Patrick Melrose Novels to be Televised

The Patrick Melrose novels by Edward St Aubyn will be adapted for television in a 5 episode series. Each episode will be devoted to one of the five novels. The satirical humor of these novels is often compared to the work of Evelyn Waugh. Benedict Cumberbatch who recently played Sherlock Holmes in the BBC adaptation, will play the lead role of Patrick. According to an article in The Independent, the series is to be adapted by David Nicholls and co-produced by two cable channels–Showtime and Sky Atlantic. Shooting is expected to begin in late summer. There is a 2012 film adaptation of one of the novels, Mother’s Milk, but it was not particularly successful at securing distribution. It was reviewed in the Guardian. Here’s an excerpt:

Edward St Aubyn has co-written this movie adaptation of his Booker-shortlisted autobiographical novel Mother’s Milk, directed by Gerry Fox. The result looks a bit like television, though it isn’t bad: sparky, boisterous, cynical, a little self-conscious but more grownup and literate than most new British movies. … The humour is brittle, British and throwaway, but with a tang of real poison. There is a sharp cameo from Diana Quick, Patrick’s malicious mother-in-law.

UPDATE (9 March 2017): The Evening Standard has interviewed novelist David Nicholls who is adapting the Melrose novels for TV. Here is an excerpt:

“The books are very dark, with very adult themes that I could never write about in my own original work. They’re about damaged people, terrible cruelty, coming to terms with an appalling crime and an attempt to find some kind of peace and redemption.” …As a satire on the world of public schools, posh people and parties, the books are often compared to Evelyn Waugh. …“As a dramatist you have to resist the temptation to turn it into aristocrat-bashing.” There was also the delicate issue of how to depict the violent rape of the five-year-old Melrose by his own father. “Certain things you can’t do, moments that are moved off-screen, implied or referred to in retrospect. The focus is very much on the legacy rather than the crime itself,” says Nicholls, who sweetly emails me later to say he’s worrying about spoilers, especially as filming doesn’t start until the summer.
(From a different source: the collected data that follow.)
Lemma is_RInt_dirichlet k : is_RInt (dirichlet k) (- PI) PI PI.
Proof.
  replace PI with (plus (scal (PI - - PI) (1 / 2)) (sumR (fun _ => 0) k)) at 3
    by (rewrite sumR_const; cbn; field).
  apply (@is_RInt_plus R_NormedModule (fun _ => 1 / 2)).
  - apply (@is_RInt_const R_NormedModule).
  - apply (is_RInt_sumR (fun j u => cos (INR (S j) * u))). apply is_RInt_cos_harmonic.
Qed.

Lemma RInt_periodic_shift (p : R -> R) x :
  (forall t, continuous p t) -> (forall t, p (t + 2 * PI) = p t) ->
  RInt (fun u => p (x + u)) (- PI) PI = RInt p (- PI) PI.
Proof.
  intros Hc Hp.
  assert (Hex : forall a b, ex_RInt p a b)
    by (intros; apply (@ex_RInt_continuous R_CompleteNormedModule); intros; apply Hc).
  assert (Htranslate : forall d a b, RInt (fun u => p (u + d)) a b = RInt p (a + d) (b + d)).
  { intros d a b. rewrite <- (Rmult_1_l a) at 2. rewrite <- (Rmult_1_l b) at 2.
    rewrite <- RInt_comp_lin by apply Hex.
    apply RInt_ext. intros u _. cbn. rewrite !Rmult_1_l. reflexivity. }
  assert (Hwrap : RInt p PI (PI + x) = RInt p (- PI) (- PI + x)).
  { replace PI with (- PI + 2 * PI) at 1 by ring.
    replace (PI + x) with (- PI + x + 2 * PI) by ring.
    rewrite <- Htranslate. apply RInt_ext. intros u _. apply Hp. }
  rewrite (RInt_ext _ (fun u => p (u + x))) by (intros; f_equal; ring).
  rewrite Htranslate.
  rewrite <- (RInt_Chasles p (- PI + x) PI (PI + x)), Hwrap by apply Hex.
  rewrite <- (RInt_Chasles p (- PI) (- PI + x) PI) by apply Hex.
  apply plus_comm.
Qed.

Section FourierPartialSums.
Variable f : R -> R.
Hypothesis f_cont : forall x, continuous f x.
Hypothesis f_per : forall x, f (x + 2 * PI) = f x.

Lemma is_RInt_fourier_mode m x :
  is_RInt (fun t => f t * cos (INR m * (t - x))) (- PI) PI
    (PI * (fourier_a f m * cos (INR m * x) + fourier_b f m * sin (INR m * x))).
Proof.
  set (Ia := RInt (fun t => f t * cos (INR m * t)) (- PI) PI).
  set (Ib := RInt (fun t => f t * sin (INR m * t)) (- PI) PI).
  assert (Ha : is_RInt (fun t => f t * cos (INR m * t)) (- PI) PI Ia).
  { apply (@RInt_correct R_CompleteNormedModule), (@ex_RInt_continuous R_CompleteNormedModule).
    intros t _. apply (continuous_mult f); [apply f_cont | continuous_by_derive]. }
  assert (Hb : is_RInt (fun t => f t * sin (INR m * t)) (- PI) PI Ib).
  { apply (@RInt_correct R_CompleteNormedModule), (@ex_RInt_continuous R_CompleteNormedModule).
    intros t _. apply (continuous_mult f); [apply f_cont | continuous_by_derive]. }
  assert (Hab : is_RInt (fun t => cos (INR m * x) * (f t * cos (INR m * t))
                                  + sin (INR m * x) * (f t * sin (INR m * t))) (- PI) PI
                  (cos (INR m * x) * Ia + sin (INR m * x) * Ib))
    by exact (@is_RInt_plus R_NormedModule _ _ _ _ _ _
                (@is_RInt_scal R_NormedModule _ _ _ _ _ Ha)
                (@is_RInt_scal R_NormedModule _ _ _ _ _ Hb)).
  replace (PI * (fourier_a f m * cos (INR m * x) + fourier_b f m * sin (INR m * x)))
    with (cos (INR m * x) * Ia + sin (INR m * x) * Ib)
    by (unfold fourier_a, fourier_b; fold Ia Ib; field; apply PI_neq0).
  refine (is_RInt_ext _ _ _ _ _ (fun t _ => _ : @eq R _ _) Hab).
  replace (INR m * (t - x)) with (INR m * t - INR m * x) by ring.
  rewrite cos_minus. ring.
Qed.

Lemma is_RInt_fourier_dirichlet k x :
  is_RInt (fun t => f t * dirichlet k (t - x)) (- PI) PI (PI * S_k f k x).
Proof.
  set (mode := fun j => PI * (fourier_a f j * cos (INR j * x) + fourier_b f j * sin (INR j * x))).
  assert (Hsum : is_RInt (fun t => 1 / 2 * (f t * cos (INR 0 * (t - x)))
                                   + sumR (fun j => f t * cos (INR (S j) * (t - x))) k) (- PI) PI
                   (1 / 2 * mode 0%nat + sumR (fun j => mode (S j)) k))
    by exact (@is_RInt_plus R_NormedModule _ _ _ _ _ _
                (@is_RInt_scal R_NormedModule _ _ _ _ _ (is_RInt_fourier_mode 0 x))
                (is_RInt_sumR (fun j t => f t * cos (INR (S j) * (t - x))) _ (- PI) PI k
                   (fun j => is_RInt_fourier_mode (S j) x))).
  replace (PI * S_k f k x) with (1 / 2 * mode 0%nat + sumR (fun j => mode (S j)) k).
  - refine (is_RInt_ext _ _ _ _ _ (fun t _ => _ : @eq R _ _) Hsum).
    unfold dirichlet. change (INR 0) with 0.
    rewrite Rmult_0_l, cos_0, Rmult_plus_distr_l, sumR_mult_l. ring.
  - unfold S_k. rewrite Rmult_plus_distr_l, sumR_mult_l.
    unfold mode. change (INR 0) with 0. rewrite Rmult_0_l, cos_0, sin_0. field.
Qed.

Lemma is_RInt_partial_sum_error k x :
  is_RInt (fun u => (f (x + u) - f x) * dirichlet k u) (- PI) PI (PI * (S_k f k x - f x)).
Proof.
  set (p := fun t => f t * dirichlet k (t - x)).
  assert (Hp : forall t, continuous p t).
  { intros t. apply (continuous_mult f); [apply f_cont|].
    apply (continuous_comp (fun t => t - x) (dirichlet k)); [continuous_by_derive|].
    apply dirichlet_continuous. }
  assert (Hshift : is_RInt (fun u => p (x + u)) (- PI) PI (PI * S_k f k x)).
  { rewrite <- (is_RInt_unique _ _ _ _ (is_RInt_fourier_dirichlet k x)).
    fold p. rewrite <- (RInt_periodic_shift p x Hp).
    - apply (@RInt_correct R_CompleteNormedModule), (@ex_RInt_continuous R_CompleteNormedModule).
      intros u _. apply (continuous_comp (fun u => x + u) p); [continuous_by_derive | apply Hp].
    - intros t. unfold p. rewrite f_per. f_equal.
      replace (t + 2 * PI - x) with (t - x + 2 * PI) by ring. apply dirichlet_periodic. }
  assert (Herr := @is_RInt_minus R_NormedModule _ _ _ _ _ _ Hshift
                    (@is_RInt_scal R_NormedModule _ _ _ (f x) _ (is_RInt_dirichlet k))).
  replace (PI * (S_k f k x - f x)) with (PI * S_k f k x - f x * PI) by ring.
  refine (is_RInt_ext _ _ _ _ _ (fun u _ => _ : @eq R _ _) Herr).
  unfold p. replace (x + u - x) with u by ring. cbn. ring.
Qed.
UPDATE 2 (12 March 2017): Today’s New York Times Book Review added this to the discussion in its “Open Book” column:

In The Times, Michiko Kakutani wrote about St. Aubyn’s “remarkable” series: “The books are written with an utterly idiosyncratic combination of emotional precision, crystalline observation and black humor, as if one of Evelyn Waugh’s wicked satires about British aristos had been mashed up with a searing memoir of abuse and addiction, and injected with Proustian meditations on the workings of memory and time.”